Last week, Conservative MP Candice Bergen asked Prime Minister Justin Trudeau why scientists at the Winnipeg infectious-diseases laboratory had been collaborating with Chinese military scientists. Two Canadian scientists have been fired from the lab, so Ms. Bergen’s question was reasonable. Mr. Trudeau’s response was not.

“The rise in anti-Asian racism we have been seeing over the past number of months should be of concern to everyone,” Mr. Trudeau replied, from left field. “I would recommend that the members of the Conservative Party, in their zeal to make personal attacks, not start to push too far into intolerance toward Canadians of diverse origins.”

What a foolish thing to say.

No one can deny that Canada has a long and unhappy history of discriminating against immigrants from countries in conflict with ours. On Thursday, Mr. Trudeau extended a formal apology on behalf of the government and people of Canada for persecuting Italian Canadians during the Second World War. German Canadians endured discrimination as well. Worst of all, more than 20,000 Japanese Canadians were forced into internment camps, one of the darkest stains on this country’s history, for which Brian Mulroney apologized when he was prime minister.

Asian Canadians today are suffering racist insults and worse in the wake of a virus that spread from Wuhan, China, to Canada and the rest of the world. A report released in March detailed more than a thousand incidents of harassment and physical assault against Asian Canadians between March, 2020, and February, 2021.

But while we need to protect Asian minorities from hate, we also need to question this government’s willingness to co-operate with China despite its misdeeds. It is irresponsible to slander the opposition for doing its job in asking why scientists at the Winnipeg lab were co-operating with Chinese scientists, just as it was irresponsible for the government to allege racism back in the winter of 2020, when Conservatives asked why Ottawa had not imposed a travel ban on China amid reports of a dangerous new virus emanating from Wuhan.

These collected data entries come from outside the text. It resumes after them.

Lemma Cr_restrict_horner r p a b : a < b ->
  (forall i, (i <= r.+1)%N -> p^`(i).[a] = 0 /\ p^`(i).[b] = 0) ->
  Cr r (horner p \_ `[a, b]).
Proof.
move=> ab flat.
have derivable_j j x : (j <= r)%N -> derivable (horner p^`(j) \_ `[a, b]) x 1.
  move=> jr; have [pa0 pb0] := flat j (leq_trans jr (leqnSn r)).
  have [dpa0 dpb0] := flat j.+1 jr; rewrite derivnS in dpa0 dpb0.
  by have [] := is_derive_restrict_horner x ab pa0 pb0 dpa0 dpb0.
have derive1nE j : (j <= r)%N -> derive1n j (horner p \_ `[a, b]) = horner p^`(j) \_ `[a, b].
  move=> jr; apply: derive1n_restrict_horner => // i ij.
  exact/flat/(leq_trans ij)/(leq_trans jr).
split=> [j x jr|x].
  by rewrite derive1nE ?(ltnW jr) //; apply/derivable_j/ltnW.
rewrite derive1nE //; apply: differentiable_continuous.
by rewrite -derivable1_diffP; exact: derivable_j.
Qed.
End PolyRestrict.

Section SupNorm.
Context {R : realType}.
Implicit Types (g : R -> R) (M x : R).

Lemma supnorm_le g M : (forall x, -1 <= x <= 1 -> `|g x| <= M) -> supnorm g <= M.
Proof.
move=> gM; apply: ge_sup; first by exists `|g 0|, 0; rewrite //= in_itv /= lerN10 ler01.
by move=> _ [x /= x11 <-]; apply: gM; rewrite in_itv in x11.
Qed.

Lemma norm_le_supnorm g M x : (forall y, -1 <= y <= 1 -> `|g y| <= M) ->
  -1 <= x <= 1 -> `|g x| <= supnorm g.
Proof.
move=> gM x11; apply: sup_upper_bound; last by exists x; rewrite //= in_itv.
split; first by exists `|g 0|, 0; rewrite //= in_itv /= lerN10 ler01.
by exists M => _ [y /= y11 <-]; apply: gM; rewrite in_itv in y11.
Qed.

End SupNorm.

Definition node {R : realFieldType} (i : nat) : R := 2^-1 + i.+2%:R^-1.

Lemma node_inj {R : realFieldType} : injective (@node R).
Proof. by move=> i j /addrI /invr_inj /eqP; rewrite eqr_nat !eqSS => /eqP. Qed.

Lemma node_itv {R : realFieldType} i : 2^-1 <= @node R i <= 1.
Proof.
have : 0 <= (i.+2%:R : R)^-1 <= 2^-1.
  by rewrite invr_ge0 ler0n lef_pV2 ?posrE ?ltr0Sn // ler_nat.
rewrite /node; move: (i.+2%:R^-1 : R) => x; lra.
Qed.

Section ScaledBump.
Context {R : realType} (k : nat) (t : R).
Hypotheses (t_gt0 : 0 < t) (t_lt : t < 2^-1).

Local Notation r := (2 * k + 3)%N.
Local Notation m := ((2 * k + 5)%:R : R).

Definition scaled_bump_poly : {poly R} := t ^+ r *: (bump_poly k \Po (t^-1 *: 'X)).

Definition scaled_bump : R -> R := horner scaled_bump_poly \_ `[- t, t].

Lemma horner_derivn_scaled_bump_poly j x : scaled_bump_poly^`(j).[x] =
  t ^+ r * t^-1 ^+ j * (bump_poly k)^`(j).[t^-1 * x].
Proof.
by rewrite derivnZ derivn_comp_scaleX !hornerZ horner_comp hornerZ hornerX mulrA.
Qed.

Lemma scaled_bump_poly_flat j : (j <= r.+1)%N ->
  scaled_bump_poly^`(j).[- t] = 0 /\ scaled_bump_poly^`(j).[t] = 0.
Proof.
move=> jr; have [flat1 flatN1] := @bump_poly_flat R k j ltac:(lia).
by rewrite !horner_derivn_scaled_bump_poly mulrN mulVf ?gt_eqF // flat1 flatN1 !mulr0.
Qed.

Lemma norm_scale_le1 x : - t <= x <= t -> `|t^-1 * x| <= 1.
Proof.
by move=> tx; rewrite normrM gtr0_norm ?invr_gt0 // mulrC ler_pdivrMr // mul1r ler_norml.
Qed.

Lemma derive1n_scaled_bump j : (j <= r.+1)%N ->
  derive1n j scaled_bump = horner scaled_bump_poly^`(j) \_ `[- t, t].
Proof.
move=> jr; apply: derive1n_restrict_horner; first by have := t_gt0; lra.
by move=> i ij; apply: scaled_bump_poly_flat; exact: leq_trans ij jr.
Qed.

Lemma Cr_scaled_bump : Cr r scaled_bump.
Proof. by apply: Cr_restrict_horner; [have := t_gt0; lra | exact: scaled_bump_poly_flat]. Qed.

Lemma scaled_bump_out x : (x < - t) || (t < x) -> scaled_bump x = 0.
Proof. exact: restrict_horner_out. Qed.

Lemma scaled_bump_ge0 x : 0 <= scaled_bump x.
Proof.
rewrite /scaled_bump restrict_hornerE; case: ifP => // tx.
have := horner_derivn_scaled_bump_poly 0 x; rewrite !derivn0 expr0 mulr1 => ->.
by rewrite mulr_ge0 ?exprn_ge0 ?(ltW t_gt0) // bump_poly_ge0 // norm_scale_le1.
Qed.

Lemma supnorm_derive_scaled_bump :
  supnorm (derive1n r scaled_bump) <= poly_norm1 ((bump_poly k)^`(r)).
Proof.
rewrite derive1n_scaled_bump //; apply: supnorm_le => x _.
rewrite restrict_hornerE; case: ifP => [tx|_]; last by rewrite normr0 poly_norm1_ge0.
rewrite horner_derivn_scaled_bump_poly -exprMn mulfV ?gt_eqF // expr1n mul1r.
exact/norm_horner_le_norm1/norm_scale_le1.
Qed.

Lemma horner_take_scaled_bump_poly x : (take_poly r scaled_bump_poly).[x] =
  t ^+ 3 * x ^+ (2 * k) - m * t * x ^+ (2 * k + 2).
Proof.
rewrite take_polyZ take_poly_comp_scaleX take_bump_poly hornerZ horner_comp !hornerE.
rewrite !exprMn !exprVn !exprD; field.
by rewrite expf_neq0 gt_eqF.
Qed.

Section Approximant.
Variable P : {poly R}.
Hypothesis P_taylor : take_poly r P = take_poly r scaled_bump_poly.

Local Notation Q := (drop_poly r P).

Lemma horner_scaled_bump_approximant x :
  P.[x] = x ^+ (2 * k) * (t ^+ 3 - m * t * x ^+ 2 + Q.[x] * x ^+ 3).
Proof.
rewrite -{1}(poly_take_drop r P) hornerD hornerM hornerXn P_taylor.
by rewrite horner_take_scaled_bump_poly !(exprD x (2 * k)); ring.
Qed.

Lemma drop_poly_odd_gap : 0 <= P.[t] -> 0 <= P.[- t] -> 2 * (m - 1) <= Q.[t] - Q.[- t].
Proof.
have a_gt0 : 0 < (t ^+ 2) ^+ k by rewrite !exprn_gt0.
rewrite !horner_scaled_bump_approximant !(exprM _ 2 k) !sqrrN (exprS (- t) 2) sqrrN.
rewrite !(pmulr_rge0 _ a_gt0) => Pt PNt.
have t3_gt0 : 0 < t ^+ 3 by rewrite exprn_gt0.
nra.
Qed.

Lemma drop_poly_node_bound M y : 2^-1 <= y <= 1 ->
  `|scaled_bump y - P.[y]| <= M -> `|Q.[y]| <= 2 ^+ r * (M + 1 + m).
Proof.
move=> y_itv; have [y_ge y_le] := andP y_itv.
have t_lt_y : t < y by apply: lt_le_trans t_lt y_ge.
rewrite scaled_bump_out ?t_lt_y ?orbT // sub0r normrN horner_scaled_bump_approximant.
set a := y ^+ (2 * k) => PM.
have y_gt0 : 0 < y by apply: lt_le_trans y_ge; rewrite invr_gt0.
have a01 : 0 <= a <= 1 by rewrite /a exprn_ge0 ?exprn_ile1 ?(ltW y_gt0).
have t_le1 : t <= 1 by have := t_lt; lra.
have u01 : 0 <= t ^+ 3 <= 1 by rewrite exprn_ge0 ?exprn_ile1 ?(ltW t_gt0).
have v01 : 0 <= t * y ^+ 2 <= 1.
  rewrite mulr_ge0 ?exprn_ge0 ?(ltW t_gt0) ?(ltW y_gt0) //=.
  by apply: mulr_ile1; rewrite ?exprn_ge0 ?exprn_ile1 ?(ltW t_gt0) ?(ltW y_gt0).
have m_ge0 : 0 <= m by rewrite ler0n.
have T_le : `|a * (t ^+ 3 - m * t * y ^+ 2)| <= 1 + m.
  have [a_ge0 a_le1] := andP a01.
  have [u_ge0 u_le1] := andP u01; have [v_ge0 v_le1] := andP v01.
  have au : 0 <= a * t ^+ 3 <= 1 by rewrite mulr_ge0 //= mulr_ile1.
  have av : 0 <= a * (t * y ^+ 2) <= 1 by rewrite mulr_ge0 //= mulr_ile1.
  rewrite (_ : a * _ = a * t ^+ 3 - m * (a * (t * y ^+ 2))); last by ring.
  rewrite ler_norml; move: au av; set au := a * _; set av := a * _; nra.
have QyP : `|Q.[y]| * (a * y ^+ 3) <= M + (1 + m).
  rewrite -[a * _]ger0_norm ?mulr_ge0 ?exprn_ge0 ?(ltW y_gt0) // -normrM.
  rewrite (_ : Q.[y] * _ = a * (t ^+ 3 - m * t * y ^+ 2 + Q.[y] * y ^+ 3)
    - a * (t ^+ 3 - m * t * y ^+ 2)); last by ring.
  exact: le_trans (ler_normB _ _) (lerD PM T_le).
have ay : 2^-1 ^+ r <= a * y ^+ 3.
  by rewrite /a -exprD; apply: lerXn2r; rewrite // nnegrE ?invr_ge0 ?(ltW y_gt0).
rewrite mulrC -ler_pdivrMr ?exprn_gt0 // -exprVn -addrA.
by apply: le_trans QyP; rewrite ler_wpM2l.
Qed.

End Approximant.

Lemma supnorm_sub_scaled_bump_gt A N (P : {poly R}) :
  0 < A -> (size P <= N + r)%N ->
  (forall x, -(1/2) <= x <= 1/2 -> 0 <= P.[x]) ->
  (forall i, (i < r)%N -> P^`(i).[0] = derive1n i scaled_bump 0) ->
  t * (2 ^+ r * (A * poly_norm1 ((bump_poly k)^`(r)) + 1 + m)) * lagrange_norm1 node N < 1 ->
  A * supnorm (derive1n r scaled_bump) < supnorm (fun x => scaled_bump x - P.[x]).
Proof.
move=> A_gt0 sP P_ge0 P_der small; rewrite ltNge; apply/negP => sup_le.
set B := poly_norm1 _ in small; set W := 2 ^+ r * _ in small.
have P_taylor : take_poly r P = take_poly r scaled_bump_poly.
  apply: take_poly_eq_derivn0 => i ir; rewrite P_der // (@derive1n_scaled_bump i); last by lia.
  by rewrite restrict_hornerE oppr_le0 (ltW t_gt0).
have diff_le y : -1 <= y <= 1 -> `|scaled_bump y - P.[y]| <= A * B.
  move=> y11; apply: le_trans (le_trans sup_le _); last first.
    by rewrite ler_pM2l //; exact: supnorm_derive_scaled_bump.
  apply: (norm_le_supnorm (M := poly_norm1 scaled_bump_poly + poly_norm1 P)) y11 => z.
  rewrite -ler_norml => z1; apply: le_trans (ler_normB _ _) (lerD _ _).
    exact: le_trans (norm_restrict_horner_le _ _ _ _) (norm_horner_le_norm1 _ z1).
  exact: norm_horner_le_norm1.
have t_half : -(1/2) <= t <= 1/2 /\ -(1/2) <= - t <= 1/2.
  by rewrite div1r; have := t_gt0; have := t_lt; lra.
have gap := drop_poly_odd_gap P_taylor (P_ge0 _ t_half.1) (P_ge0 _ t_half.2).
have sQ : (size (drop_poly r P) <= N)%N by rewrite size_drop_poly leq_subLR addnC.
have t01 : 0 <= t <= 1 by have := t_gt0; have := t_lt; lra.
have Q_nodes i : (i < N)%N -> `|(drop_poly r P).[node i]| <= W.
  move=> _; rewrite /W; apply: (drop_poly_node_bound P_taylor (node_itv i)).
  by apply: diff_le; have := node_itv (R := R) i; lra.
have := horner_odd_le_lagrange node_inj sQ t01 Q_nodes.
have m_ge5 : 5 <= m by rewrite ler_nat leq_addl.
lra.
Qed.

End ScaledBump.

Unset Implicit Arguments. Set Strict Implicit.

Theorem lemma3p8 (R : realType) (r n : nat) (A : R) :
  (3 <= r)%N -> odd r -> (r.-1 <= n)%N -> 0 < A ->
  exists f : R -> R,
    [/\ Cr r f,
        (forall x : R, -1 <= x <= -(1/2) -> f x = 0),
        (forall x : R, -1 <= x <= 1 -> 0 <= f x) &
        forall P : {poly R},
          (size P <= n.+1)%N ->
          (forall x : R, -(1/2) <= x <= 1/2 -> 0 <= P.[x]) ->
          (forall i : nat, (i < r)%N -> (derivn i P).[0] = derive1n i f 0) ->
          supnorm (fun x => f x - P.[x]) > A * supnorm (derive1n r f)].
Proof.
move=> r_ge3 r_odd r_le_n A_gt0.
have [k rE] : exists k, r = (2 * k + 3)%N.
  by exists (r./2).-1; move: (odd_double_half r); rewrite r_odd; lia.
subst r.
set B := poly_norm1 ((@bump_poly R k)^`(2 * k + 3)).
set W := 2 ^+ (2 * k + 3) * (A * B + 1 + (2 * k + 5)%:R).
set C := lagrange_norm1 (@node R) (n.+1 - (2 * k + 3)).
have W_ge0 : 0 <= W.
  by rewrite mulr_ge0 ?exprn_ge0 // !addr_ge0 ?ler0n // mulr_ge0 ?poly_norm1_ge0 // ltW.
have C_ge0 : 0 <= C by apply: sumr_ge0 => i _; exact: poly_norm1_ge0.
have WC_ge0 := mulr_ge0 W_ge0 C_ge0.
pose t := (4 + W * C)^-1.
have t_gt0 : 0 < t by rewrite invr_gt0; lra.
have t_lt : t < 2^-1 by rewrite ltf_pV2 ?posrE; lra.
have small : t * W * C < 1 by rewrite -mulrA mulrC ltr_pdivrMr; lra.
exists (scaled_bump k t); split.
- exact: Cr_scaled_bump.
- move=> x /andP[_ x_le]; apply: scaled_bump_out; rewrite div1r in x_le.
  by apply/orP; left; lra.
- by move=> x _; exact: scaled_bump_ge0.
- move=> P sP P_ge0 P_der.
  apply: (supnorm_sub_scaled_bump_gt t_gt0 t_lt A_gt0 _ P_ge0 P_der small).
  by rewrite subnK //; lia.
Qed.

“One of the interesting elements of the coronavirus outbreak has been the spread of misinformation and fear across Canadian society,” Health Minister Patty Hajdu warned on Feb. 3. The best way to prevent that spread, she added “might be if the opposition does not sensationalize the risk to Canadians.”

As late as March 5, as countries around the world imposed travel restrictions, Mr. Trudeau accused his critics of intolerance for questioning Canada’s wide-open borders. “There is a lot of misinformation out there, there is a lot of knee-jerk reaction that isn’t keeping people safe,” Mr. Trudeau said on March 5. “That is having real, challenging impacts on communities, on community safety.” Days later, Canada closed its borders to the world.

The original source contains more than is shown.